EXERCISE PROMPT
Word for word, restate the lines from the start of the data below through the line containing "have r_col (k".

[Data entries]
------------

Lemma V_set_bordered_mx gcdf (K : R -> pred R) eps phi y (V : 'M[R]_n) :
  V_set gcdf K (fun i => eps (lift ord0 i)) (fun i => phi (lift ord0 i)) V ->
  (forall i, exists q f k, [/\ q * gcdf (phi (lift ord0 i)) (eps ord0) = phi (lift ord0 i),
     f * phi ord0 = gcdf (phi (lift ord0 i)) (eps ord0), k \in K f & y i = q * k]) ->
  V_set gcdf K eps phi (bordered_mx ord0 y V).
Proof.
move=> [Vd [Vu Vl]] Vy; split; [|split] => [x|x z|x z].
- by case: (unliftP ord0 x) => [i ->|->]; rewrite bordered_mxE.
- case: (unliftP ord0 x) => [i ->|->]; case: (unliftP ord0 z) => [j ->|->];
    rewrite bordered_mxE ?lift0 // ltnS; exact: Vu.
- case: (unliftP ord0 x) => [i ->|->]; case: (unliftP ord0 z) => [j ->|->];
    rewrite bordered_mxE ?lift0 ?ltnS; [exact: Vl|move=> _; exact: Vy|by []|by []].
Qed.

End Lift.

Section Existence.
Variables (R : idomainType) (gcdf : R -> R -> R) (K : R -> pred R).
Hypothesis Hedd : elementary_divisor_domain R.
Hypothesis Hgcd : forall a b : R, is_gcd a b (gcdf a b).
Hypothesis HK : forall f, complete_residues f (K f).

Section FirstRow.
Variables (n : nat) (eps phi : 'I_n.+1 -> R) (L : 'M[R]_n.+1).
Hypotheses (eps_dseq : nonsing_dseq eps) (phi_dseq : nonsing_dseq phi).
Hypothesis cond : kazimirskii_condition gcdf eps phi.
Hypotheses (LU : L \in unitmx) (dvdL : diag_dvd phi eps L).

Lemma invmx_row0_col0 : \sum_k invmx L ord0 k * L k ord0 = 1.
Proof.
by have := congr1 (fun A : 'M[R]_n.+1 => A ord0 ord0) (mulVmx LU); rewrite !mxE eqxx.
Qed.

Lemma comaximal_next_quotient d (s t : 'I_n.+1) : (t : nat) = s.+1 ->
  (forall k : 'I_n.+1, (k <= s)%N -> divides d (invmx L ord0 k)) ->
  comaximal d (exquo (phi s) (phi t)).
Proof.
move=> ts dM; have [phi0 _] := phi_dseq.
set a := exquo (phi s) (phi t).
have aE : phi t = a * phi s by apply/exquoP/nonsing_dseq_divides; rewrite ?ts.
pose r := exquo (gcdf (phi t) (eps s)) (phi t).
have rE : r * gcdf (phi t) (eps s) = phi t by rewrite -exquoP //; apply: gcd_divl.
have r_col (k : 'I_n.+1) : (s < k)%N -> divides r (L k ord0).
  move=> sk; apply: (divides_quot_gcd Hedd Hgcd (phi0 t) rE).
  have [c ->] := nonsing_dseq_divides eps_dseq (i := ord0) (j := s) (leq0n s).
  rewrite mulrCA; apply/divides_mull/(divides_trans _ (dvdL k ord0)).
  by apply: nonsing_dseq_divides; rewrite ?ts.
apply: (comaximalP Hedd) => delta delta_d delta_a.
(* [delta] divides [invmx L ord0 k] for [k <= s], and [r] divides [L k ord0] for [k > s]. *)
have gcdU : gcdf delta r \is a GRing.unit.
  apply: divides1_unit; rewrite -invmx_row0_col0; apply: divides_sum => k _.
  case: (leqP k s) => [ks|sk].
  - apply/divides_mulr/(divides_trans (gcd_divl Hgcd delta r)).
    exact: divides_trans delta_d (dM k ks).
  - exact/divides_mull/(divides_trans (gcd_divr Hgcd delta r))/r_col.
have [aU|aN] := boolP (a \is a GRing.unit); first exact: divides_unit delta_a aU.
apply/negPn/negP => deltaN.
have not_assoc : ~ assoc (phi t) (phi s).
  move=> [[c cE] _]; move/negP: aN; apply; apply/unitrPr; exists c.
  by apply: (mulIf (phi0 s)); rewrite mul1r [in RHS]cE aE; ring.
by move/negP: (cond ts not_assoc (esym aE) rE delta_a deltaN); rewrite gcdU.
Qed.

Lemma first_row_comaximal d :
  (forall j, divides d (invmx L ord0 j * exquo (phi ord0) (phi j))) -> d \is a GRing.unit.
Proof.
move=> du; have [phi0 _] := phi_dseq.
suff dM k (j : 'I_n.+1) : (j <= k)%N ->
    divides d (invmx L ord0 j) /\ comaximal d (exquo (phi ord0) (phi j)).
  apply: divides1_unit; rewrite -invmx_row0_col0; apply: divides_sum => k _.
  exact/divides_mulr/(dM n k (leq_ord k)).1.
elim: k j => [|k IH] j jk.
  have -> : j = ord0 by apply/val_inj; move: jk; rewrite leqn0 => /eqP.
  have q1 : exquo (phi ord0) (phi ord0) = 1.
    by apply: (mulIf (phi0 ord0)); rewrite mul1r -exquoP //; apply: divides_refl.
  split; last by rewrite q1; apply/comaximal_unitr/unitr1.
  by have := du ord0; rewrite q1 mulr1.
case: (ltnP j k.+1) => [jk'|kj]; first exact: IH.
have sn : (k < n.+1)%N by move: (ltn_ord j) kj; lia.
have js : (j : nat) = (Ordinal sn).+1 by apply/eqP; rewrite eqn_leq jk kj.
have cj : comaximal d (exquo (phi ord0) (phi j)).
  set s := Ordinal sn in js *.
  have -> : exquo (phi ord0) (phi j) = exquo (phi s) (phi j) * exquo (phi ord0) (phi s).
    by apply: exquo_trans; [|apply: nonsing_dseq_divides..]; rewrite ?js.
  apply: comaximal_mulr; last exact: (IH s (leqnn k)).2.
  by apply: comaximal_next_quotient js _ => l lk; exact: (IH l lk).1.
split=> //; apply: (comaximal_divides cj); rewrite mulrC; exact: du.
Qed.

Lemma first_row_reduction : exists Q : 'M[R]_n.+1,
  [/\ Q \in unitmx, diag_dvd phi phi Q & forall j, (Q *m L) ord0 j = (ord0 == j)%:R].
Proof.
have [phi0 _] := phi_dseq.
pose m (i j : 'I_n.+1) := exquo (phi j) (phi i).
have mE (i j : 'I_n.+1) : (j <= i)%N -> phi i = m i j * phi j.
  by move=> ji; apply/exquoP/nonsing_dseq_divides.
pose u j := invmx L ord0 j * m j ord0.
have [g [K0 [K0U uE K0tri]]] := triangular_row_completion Hedd u.
have gU : g \is a GRing.unit.
  by apply: first_row_comaximal => j; rewrite -/(u j) uE; exists (K0 ord0 j); rewrite mulrC.
pose S := diag_mx (\row_i (if i == ord0 then g else 1)) *m K0.
have SU : S \in unitmx.
  rewrite unitmx_mul K0U andbT unitmxE det_diag big_ord_recl big1 ?mulr1 ?mxE ?eqxx //.
  by move=> i _; rewrite mxE eq_sym (negPf (neq_lift _ _)).
pose Q := \matrix_(i, j) if i == ord0 then invmx L ord0 j
                         else if (j <= i)%N then K0 i j * m i j else 0.
have QS : Q *m diagm phi = diagm phi *m S.
  apply/matrixP => i j; rewrite mulmx_diagmE mul_diagmmxE /S mul_diag_mx !mxE.
  case: eqP => [->|/eqP i0]; first by rewrite -uE /u (mE j ord0) //; ring.
  case: leqP => ji; first by rewrite (mE i j ji) mul1r; ring.
  by rewrite K0tri ?mulr0 ?mul0r // ji andbT lt0n.
exists Q; split.
- by rewrite (unitmx_diagm_conj phi0 QS).
- by apply/diag_dvdP; exists S.
- move=> j; have := congr1 (fun A : 'M[R]_n.+1 => A ord0 j) (mulVmx LU).
  by rewrite !mxE => <-; apply: eq_bigr => k _; rewrite mxE eqxx.
Qed.

End FirstRow.

Lemma residue_entry_reduction (p d e z : R) : p != 0 ->
  divides d (gcdf p e) -> divides p (z * e) ->
  exists w q f k, [/\ q * gcdf p e = p, f * d = gcdf p e, k \in K f,
                      w + z = q * k & divides p (w * d)].
Proof.
move=> p0 d_gcd pze.
pose q := exquo (gcdf p e) p.
have qE : q * gcdf p e = p by rewrite -exquoP //; apply: gcd_divl.
pose f := exquo d (gcdf p e).
have fE : f * d = gcdf p e by rewrite -exquoP.
have [s sE] := divides_quot_gcd Hedd Hgcd p0 qE pze.
have [k [[kK [t tE]] _]] := HK f s.
exists (- (t * q * f)), q, f, k; split=> //.
- by rewrite sE -[s](subrK k) tE; ring.
- by exists (- t); rewrite -[in RHS]qE -fE; ring.
Qed.

Lemma first_column_reduction n (eps phi : 'I_n.+1 -> R) (x : 'I_n -> R) (B H : 'M[R]_n) :
  nonsing_dseq phi -> (forall i, divides (phi i) (eps i)) ->
  diag_dvd phi eps (bordered_mx ord0 x B) ->
  diag_dvd (fun i => phi (lift ord0 i)) (fun i => phi (lift ord0 i)) H ->
  V_set gcdf K (fun i => eps (lift ord0 i)) (fun i => phi (lift ord0 i)) (H *m B) ->
  exists w, diag_dvd phi phi (bordered_mx ord0 w H) /\
    V_set gcdf K eps phi (bordered_mx ord0 w H *m bordered_mx ord0 x B).
Proof.
move=> phi_dseq phi_eps dvdX dvdH VHB; have [phi0 _] := phi_dseq.
pose z i := \sum_k H i k * x k.
have dvdz i : divides (phi (lift ord0 i)) (z i * eps ord0).
  have dvd0 : diag_dvd phi phi (bordered_mx ord0 (fun _ => 0) H).
    apply: diag_dvd_bordered_mx dvdH; first exact: divides_refl.
    by move=> j; rewrite mul0r; apply: divides0.
  by have := diag_dvd_mul dvd0 dvdX (lift ord0 i) ord0; rewrite mul_bordered_mx bordered_mxE add0r.
pose reduced i v := exists q f k,
  [/\ q * gcdf (phi (lift ord0 i)) (eps ord0) = phi (lift ord0 i),
      f * phi ord0 = gcdf (phi (lift ord0 i)) (eps ord0), k \in K f,
      v + z i = q * k & divides (phi (lift ord0 i)) (v * phi ord0)].
have [w wE] : exists w, forall i, reduced i (w i).
  apply: ClassicalEpsilon.choice => i.
  apply: residue_entry_reduction (phi0 _) _ (dvdz i).
  have [_ _ gcd_max] := Hgcd (phi (lift ord0 i)) (eps ord0); apply: gcd_max.
  - exact: nonsing_dseq_divides.
  - exact: phi_eps.
exists w; split.
  apply: diag_dvd_bordered_mx dvdH => [|i]; first exact: divides_refl.
  by have [? [? [? []]]] := wE i.
rewrite mul_bordered_mx; apply: V_set_bordered_mx VHB _ => i.
by have [q [f [k [? ? ? wzE _]]]] := wE i; exists q, f, k.
Qed.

------------

YOUR SOLUTION
Lemma V_set_bordered_mx gcdf (K : R -> pred R) eps phi y (V : 'M[R]_n) :
  V_set gcdf K (fun i => eps (lift ord0 i)) (fun i => phi (lift ord0 i)) V ->
  (forall i, exists q f k, [/\ q * gcdf (phi (lift ord0 i)) (eps ord0) = phi (lift ord0 i),
     f * phi ord0 = gcdf (phi (lift ord0 i)) (eps ord0), k \in K f & y i = q * k]) ->
  V_set gcdf K eps phi (bordered_mx ord0 y V).
Proof.
move=> [Vd [Vu Vl]] Vy; split; [|split] => [x|x z|x z].
- by case: (unliftP ord0 x) => [i ->|->]; rewrite bordered_mxE.
- case: (unliftP ord0 x) => [i ->|->]; case: (unliftP ord0 z) => [j ->|->];
    rewrite bordered_mxE ?lift0 // ltnS; exact: Vu.
- case: (unliftP ord0 x) => [i ->|->]; case: (unliftP ord0 z) => [j ->|->];
    rewrite bordered_mxE ?lift0 ?ltnS; [exact: Vl|move=> _; exact: Vy|by []|by []].
Qed.

End Lift.

Section Existence.
Variables (R : idomainType) (gcdf : R -> R -> R) (K : R -> pred R).
Hypothesis Hedd : elementary_divisor_domain R.
Hypothesis Hgcd : forall a b : R, is_gcd a b (gcdf a b).
Hypothesis HK : forall f, complete_residues f (K f).

Section FirstRow.
Variables (n : nat) (eps phi : 'I_n.+1 -> R) (L : 'M[R]_n.+1).
Hypotheses (eps_dseq : nonsing_dseq eps) (phi_dseq : nonsing_dseq phi).
Hypothesis cond : kazimirskii_condition gcdf eps phi.
Hypotheses (LU : L \in unitmx) (dvdL : diag_dvd phi eps L).

Lemma invmx_row0_col0 : \sum_k invmx L ord0 k * L k ord0 = 1.
Proof.
by have := congr1 (fun A : 'M[R]_n.+1 => A ord0 ord0) (mulVmx LU); rewrite !mxE eqxx.
Qed.

Lemma comaximal_next_quotient d (s t : 'I_n.+1) : (t : nat) = s.+1 ->
  (forall k : 'I_n.+1, (k <= s)%N -> divides d (invmx L ord0 k)) ->
  comaximal d (exquo (phi s) (phi t)).
Proof.
move=> ts dM; have [phi0 _] := phi_dseq.
set a := exquo (phi s) (phi t).
have aE : phi t = a * phi s by apply/exquoP/nonsing_dseq_divides; rewrite ?ts.
pose r := exquo (gcdf (phi t) (eps s)) (phi t).
have rE : r * gcdf (phi t) (eps s) = phi t by rewrite -exquoP //; apply: gcd_divl.
have r_col (k : 'I_n.+1) : (s < k)%N -> divides r (L k ord0).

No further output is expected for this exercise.